On an indefinite but multiple number of occasions, Jensen voiced her opinions about blacks, saying "The blacks think this, the blacks think that." ( Id. at 96). The plaintiff does not assert that these comments were harassing, only that they were "distracting," along with Jensen's gum-popping. ( Id.). The Court therefore will not consider these comments in its analysis.

"[In] [d]etermining whether the harassment was sufficiently severe or pervasive . . ., a court looks to all the circumstances, including the frequency of the discriminatory conduct; its severity; whether it is physically threatening or humiliating, or a mere offensive utterance; and whether it unreasonably interferes with an employee's work performance." McCann, 526 F.3d at 1378 (internal quotes omitted). The plaintiff does not fare well under this analysis.

With respect to frequency, the plaintiff identifies five statements that she heard one time each, over a period of about five years. This ranks very low on the frequency scale. Compare McCann, 526 F.3d at 1378-79 (four usages of racial terms in a period of over two years were "too sporadic and isolated" to support a racial harassment claim) and Mendoza v. Borden, Inc., 195 F.3d 1238, 1249 (11th Cir. 1999) (en banc) (five inappropriate instances in eleven months were "far too infrequent" to support a sexual harassment claim) with Johnson v. Booker T. Washington Broadcasting Service, Inc., 234 F.3d 501, 509 (11th Cir. 2000) (fifteen instances in four months "was not infrequent"). The infrequency of the challenged comments weighs against the plaintiff.

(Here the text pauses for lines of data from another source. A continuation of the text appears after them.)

Lemma face_tightset s G : face (poly s) G -> G = tightset (actF s G).
Proof.
move=> fG; have [g Gg Hg] := face_relint fG.
move: fG => [[u Gdef] _].
have GP x : G x <-> exposed (poly s) u x by rewrite Gdef.
have [Pg Mg] := (GP g).1 Gg.
apply/seteqP; split => x.
  move=> Gx; split; first exact: ((GP x).1 Gx).1.
  by move=> i; rewrite inE => /asboolP; apply.
move=> [Px Tx]; apply/GP; split => //.
(* moving from g slightly away from x stays in [poly s], so g - x is
   orthogonal to u *)
have Hi : forall i : 'I_(size s), exists2 t, 0 < t & forall t', 0 < t' <= t ->
    dotp (ca i) (g - t' *: (x - g)) <= cb i.
  move=> i; case: (boolP (i \in actF s G)) => iA.
    exists 1 => // t' _; rewrite dotpBr dotpZr dotpBr Tx //.
    by move: iA; rewrite inE => /asboolP /(_ g Gg) ->; lra.
  have := Hg i iA; rewrite -subr_gt0 => /(small_step (dotp (ca i) g - dotp (ca i) x)).
  move=> [t1 t10 Ht1]; exists t1 => // t' /Ht1.
  by rewrite dotpBr dotpZr dotpBr; lra.
have [t t0 Ht] := uniform_small_step Hi.
have Pz : poly s (g - t *: (x - g)) by apply/polyP => i; apply: Ht; rewrite t0 lexx.
have := Mg _ Pz; rewrite dotpBr dotpZr dotpBr => h.
have h2 : 0 <= dotp u x - dotp u g by rewrite -(pmulr_rge0 _ t0); lra.
by move=> y Py; have := Mg y Py; lra.
Qed.

Lemma feasible_direction s w d : poly s w ->
  (forall i : 'I_(size s), dotp (ca i) w = cb i -> dotp (ca i) d <= 0) ->
  exists2 e, 0 < e & poly s (w + e *: d).
Proof.
move=> Pw Hd.
have Hi : forall i : 'I_(size s), exists2 t, 0 < t & forall t', 0 < t' <= t ->
    dotp (ca i) (w + t' *: d) <= cb i.
  move=> i; have := (polyP _ _).1 Pw i; rewrite le_eqVlt => /orP[/eqP e|lt].
    exists 1 => // t' /andP[t0 _]; rewrite dotpDr dotpZr e.
    have : t' * dotp (ca i) d <= 0 by rewrite pmulr_rle0 // Hd.
    lra.
  move: lt; rewrite -subr_gt0 => /(small_step (dotp (ca i) d)) [t t0 Ht].
  by exists t => // t' /Ht; rewrite dotpDr dotpZr; lra.
have [t t0 Ht] := uniform_small_step Hi; exists t => //; apply/polyP => i.
by apply: Ht; rewrite t0 lexx.
Qed.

With respect to severity, three of the five comments have no overt racial content, which must be supplied by a generous dose of supposition. The "little green drugstore" purportedly refers to the plaintiff's next-door neighbor, whose grandson reportedly sold crack there. The plaintiff assumes McKelroy was suggesting the plaintiff did or might use crack, (Doc. 39, Exhibit 1 at 62-63), and apparently further assumes that a comment about crack is a comment about blacks. The "education" comment apparently referred to the plaintiff, since McKelroy made it while the plaintiff had left the room during a discussion about the relative importance of the community activities division, ( id. at 71), but the "them" could refer to those of a particular age, religion, sex, neighborhood, or any number of things other than race. The plaintiff assumes that the "his people" comment refers to blacks because blacks helped elect Mayor Brown, ( id. at 97), but it could also refer to any City employee, of any race, hired by him (including Jensen).

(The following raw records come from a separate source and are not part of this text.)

Lemma sign_correlation_le f g : measurable_fun setT f -> measurable_fun setT g ->
  (sign_correlation f <=
   sign_correlation g + 4%:E * mZ (f @^-1` lower_half `+` g @^-1` lower_half))%E.
Proof.
move=> mf mg; set D := _ `+` _.
have mD : measurable D.
  by apply: measurableY; apply: measurable_preimageT measurable_lower_half.
have mSf := measurable_sign_change mf; have mSg := measurable_sign_change mg.
rewrite mZ_fibre //; apply: ge0_integral_le_addZ => //.
- exact: measurable_itv.
- exact: measurable_sign_defect.
- exact: measurable_sign_defect.
- exact: measurable_funTS (measurable_fibre mD).
- by move=> x _; exact: sqr_ge0.
- by move=> x _; exact: sqr_ge0.
- by move=> x _; exact: fibre_ge0.
move=> x _.
have fg : fibre (sign_change f) x <= fibre (sign_change g) x + fibre D x.
  by apply: fibre_le_add => //; rewrite setUC; exact: setY_triangle.
have gf : fibre (sign_change g) x <= fibre (sign_change f) x + fibre D x.
  by apply: fibre_le_add => //; rewrite setUC /D setYC; exact: setY_triangle.
have := fibre_ge0 (sign_change f) x; have := fibre_le1 x mSf.
have := fibre_ge0 (sign_change g) x; have := fibre_le1 x mSg.
have := fibre_ge0 D x; nra.
Qed.

Lemma sign_correlation_ge f : measurable_fun setT f ->
  (1 <= sign_correlation f + 4%:E * mZ (sign_change f))%E.
Proof.
move=> mf; have mS := measurable_sign_change mf.
rewrite -integral_Iu1 mZ_fibre //; apply: ge0_integral_le_addZ => //.
- exact: measurable_itv.
- exact: measurable_sign_defect.
- exact: measurable_funTS (measurable_fibre mS).
- by move=> x _; exact: sqr_ge0.
- by move=> x _; exact: fibre_ge0.
by move=> x _; have := fibre_ge0 (sign_change f) x; nra.
Qed.

Lemma intZ_half_sign f : measurable_fun setT f ->
  intZ (fun z => (half_sign (f z) - half_sign z) ^+ 2 + (0 - 0) ^+ 2) =
  (4%:E * mZ (sign_change f))%E.
Proof.
move=> mf; rewrite /intZ.
under eq_integral do rewrite subrr [0 ^+ 2]expr2 mulr0 addr0 half_sign_sub_sqr EFinM.
have mS := measurable_sign_change mf.
rewrite ge0_integralZl_EFin //; last by apply/measurable_EFinP; exact: measurable_indic mS.
by rewrite integral_indic.
Qed.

Even granting the plaintiff her strained construction of the comments, they do not advance her case. Suggestions that blacks use crack, that educated blacks are difficult to deal with, and that black employees would not survive a change in administration, fall toward the low end of the severity scale. See Njie v. Regions Bank, 198 Fed. Appx. 878, 883 (11th Cir. 2006) (racial slurs employing the terms "token" and "quota" were "not . . . severe enough to constitute a hostile work environment"). Being called a "black bitch" might rank somewhat higher, except that the plaintiff's testimony makes clear that Jensen's emphasis was not on "black" but on "bitch" — in fact, Jensen used that term interchangeably with her "black bitch" comment while expressing her irritation that the plaintiff thought she was better than Jensen and her frustration that the plaintiff's employment prevented her from "moving up." (Doc. 39, Exhibit 1 at 111).

That leaves McKelroy's use of the "N" word. The term is a racial epithet, and it may be considered severe. However, "mere utterance of [a] . . . racial epithet" does not support a hostile environment claim, at least when the statement is, as here, isolated.

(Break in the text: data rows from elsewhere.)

(* Let $s$ be a Sturmian word. Then there exists a coloring $c:\mathcal F^+ s\to\{0,1,2\}$ of the non-empty factors of $s$ such that for every factorization $s=V_1V_2\cdots V_n\cdots$ of $s$ into non-empty factors $V_i$, there exist integers $i,j$ with $c(V_i)\neq c(V_j)$. (For instance, $c(V)=0$ if $V$ is not a prefix of $s$, $c(V)=1$ if $V$ is a prefix of $s$ with $r_s(V)=a$, and $c(V)=2$ if $V$ is a prefix of $s$ with $r_s(V)=b$.)
   Context: A Sturmian word is an infinite word $s\in\{a,b\}^{\omega}$ that is aperiodic (not ultimately periodic) and balanced: for all factors $u,v$ of $s$ with $|u|=|v|$ one has $||u|_x-|v|_x|\le 1$ for $x\in\{a,b\}$, where $|u|_x$ is the number of occurrences of $x$ in $u$. $\mathcal F^+ s$ is the set of non-empty factors of $s$. A non-empty factor $w$ of $s$ is rich in the letter $z\in\{a,b\}$ if there is a factor $v$ of $s$ with $|v|=|w|$ and $|w|_z>|v|_z$; every non-empty factor of a Sturmian word is rich in exactly one letter, and $r_s(w)\in\{a,b\}$ denotes that letter. *)

From mathcomp Require Import all_boot.
Set Implicit Arguments. Unset Strict Implicit. Unset Printing Implicit Defensive.

(* Alphabet {a,b}: letter a is [false], letter b is [true]. *)
Definition letter := bool.
Definition la : letter := false.
Definition lb : letter := true.

Definition infword := nat -> letter.

Definition factor_at (s : infword) (i n : nat) : seq letter :=
  mkseq (fun k => s (i + k)) n.

Definition is_factor (s : infword) (u : seq letter) : Prop :=
  exists i, u = factor_at s i (size u).

Definition is_nefactor (s : infword) (u : seq letter) : Prop :=
  size u > 0 /\ is_factor s u.

Definition occ (x : letter) (u : seq letter) : nat := count_mem x u.

Definition ultimately_periodic (s : infword) : Prop :=
  exists p n0, 0 < p /\ forall n, n0 <= n -> s (n + p) = s n.

Definition balanced (s : infword) : Prop :=
  forall u v, is_factor s u -> is_factor s v -> size u = size v ->
  forall x : letter, occ x u <= occ x v + 1 /\ occ x v <= occ x u + 1.

Definition sturmian (s : infword) : Prop :=
  ~ ultimately_periodic s /\ balanced s.

(* A factorization s = V_0 V_1 V_2 ... into non-empty factors is given by
   its cut positions: f 0 = 0 and f strictly increasing; V_i = s[f i, f (i+1)). *)
Definition factorization (f : nat -> nat) : Prop :=
  f 0 = 0 /\ forall n, f n < f n.+1.

Definition block (s : infword) (f : nat -> nat) (i : nat) : seq letter :=
  factor_at s (f i) (f i.+1 - f i).

From mathcomp Require Import all_boot zify.
From Stdlib Require Import Classical ClassicalEpsilon.
Set Implicit Arguments. Unset Strict Implicit. Unset Printing Implicit Defensive.

(* The colouring: a factor V gets colour 0 if it is not a prefix of s, colour 1
   if it is a prefix containing the maximal number of b's among factors of its
   length, and colour 2 otherwise (then, by balance, it has the maximal number
   of a's).  A monochromatic factorization would therefore cut s into prefixes
   V_0 V_1 ... that are all x-maximal for one letter x; we show this is
   impossible for an aperiodic balanced word.

   Writing s_q for the suffix of s at position q, aperiodicity makes every
   x-maximal window s[q, q+n) push s_(q+n) strictly below s_q in the
   lexicographic order where x is the larger letter.  Concatenations of
   x-maximal windows are x-maximal, so the suffixes at the cut points decrease
   strictly.  Since all blocks are prefixes, their lengths are bounded by the
   first position d where s_(f 1) and s differ.  A balanced aperiodic word has,
   for each period p, only boundedly long p-periodic stretches (a counting
   argument on windows); hence consecutive cut suffixes differ within a fixed
   length B, and the binary value of their length-B prefixes is a strictly
   decreasing sequence of naturals: contradiction. *)

Lemma sum_by_residues (F : nat -> nat) p r :
  \sum_(y < r * p) F y = \sum_(j < p) \sum_(i < r) F (j + i * p).
Proof.
elim: r => [|r IH].
  by rewrite mul0n big_ord0 big1 // => j _; rewrite big_ord0.
rewrite mulSnr big_split_ord /= IH -big_split /=; apply: eq_bigr => j _.
by rewrite big_ord_recr /= (addnC (r * p)).
Qed.

Lemma count_prefix_mono (P : nat -> bool) a b :
  a <= b -> \sum_(y < a) P y <= \sum_(y < b) P y.
Proof.
move=> hab; rewrite -(subnKC hab) big_split_ord /=; exact: leq_addr.
Qed.

Lemma sparse_progressions (P : nat -> bool) p : 0 < p ->
  (forall j r, \sum_(i < r) P (j + i * p) <= 1) ->
  ~ (forall N, exists y, N <= y /\ P y).
Proof.
move=> hp hsparse hunb.
have many : forall k, exists N, k <= \sum_(y < N) P y.
  elim=> [|k [N hN]]; first by exists 0.
  have [y [hNy Py]] := hunb N; exists y.+1.
  rewrite big_ord_recr /= Py addn1 ltnS.
  exact: leq_trans hN (count_prefix_mono P hNy).
have [N hN] := many p.+1.
have few : \sum_(y < N * p) P y <= p.
  rewrite (sum_by_residues (fun y => nat_of_bool (P y))).
  rewrite -[leqRHS]muln1 -[p in p * 1]card_ord -sum_nat_const.
  by apply: leq_sum => j _; apply: hsparse.
have hNp : N <= N * p by rewrite leq_pmulr.
by have := leq_trans hN (leq_trans (count_prefix_mono P hNp) few); rewrite ltnn.
Qed.

Lemma no_infinite_descent (v : nat -> nat) : ~ (forall k, v k.+1 < v k).
Proof.
move=> hdec; have bound : forall k, v k + k <= v 0.
  by elim=> [|k IH]; [rewrite addn0 | have := hdec k; lia].
by have := bound (v 0).+1; lia.
Qed.

(* The binary number whose digits, most significant first, are the truth
   values of [w i == x] for i < n; it is monotone for the lexicographic order
   where x is the larger letter. *)
Fixpoint weight (w : nat -> letter) (x : letter) (n : nat) : nat :=
  if n is n'.+1 then 2 * weight w x n' + (w n' == x) else 0.

Lemma weightS w x n : weight w x n.+1 = 2 * weight w x n + (w n == x).
Proof. by []. Qed.

Lemma weight_ext w w' x n :
  (forall i, i < n -> w i = w' i) -> weight w x n = weight w' x n.
Proof.
elim: n => [|n IH] h //=; rewrite IH ?h // => i hi; apply: h; exact: ltnW.
Qed.

Lemma weight_lt w w' x e n :
  (forall i, i < e -> w i = w' i) -> w e != x -> w' e = x -> e < n ->
  weight w x n < weight w' x n.
Proof.
move=> hagree hwe hw'e hen; rewrite -(subnKC hen).
elim: (n - e.+1) => [|m IH].
  by rewrite addn0 /= (weight_ext x hagree) hw'e eqxx (negbTE hwe) ltn_add2l.
have double_lt a a' (b b' : bool) : a < a' -> 2 * a + b < 2 * a' + b'.
  by case: b; case: b' => /=; lia.
by rewrite addnS !weightS; exact: double_lt.
Qed.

E.g., Butler v. Alabama Department of Transportation, 536 F.3d 1209, 1210 (11th Cir. 2008).

See Harrington v. Disney Regional Entertainment, Inc., 276 Fed. Appx. 863, 875-76 (11th Cir. 2007). But cf. Washington, 218 Fed. Appx. at 825 (being called "boy" was "not severe or extreme").

Meritor Savings Bank v. Vinson, 477 U.S. 57, 67 (1986); accord Harris, 510 U.S. at 21.

See Harrington, 276 Fed. Appx. at 876 (being called a "lazy nigger" one time); Barber v. International Brotherhood, 778 F.2d 750, 761 (11th Cir. 1985) (being called a "smart ass nigger" one time).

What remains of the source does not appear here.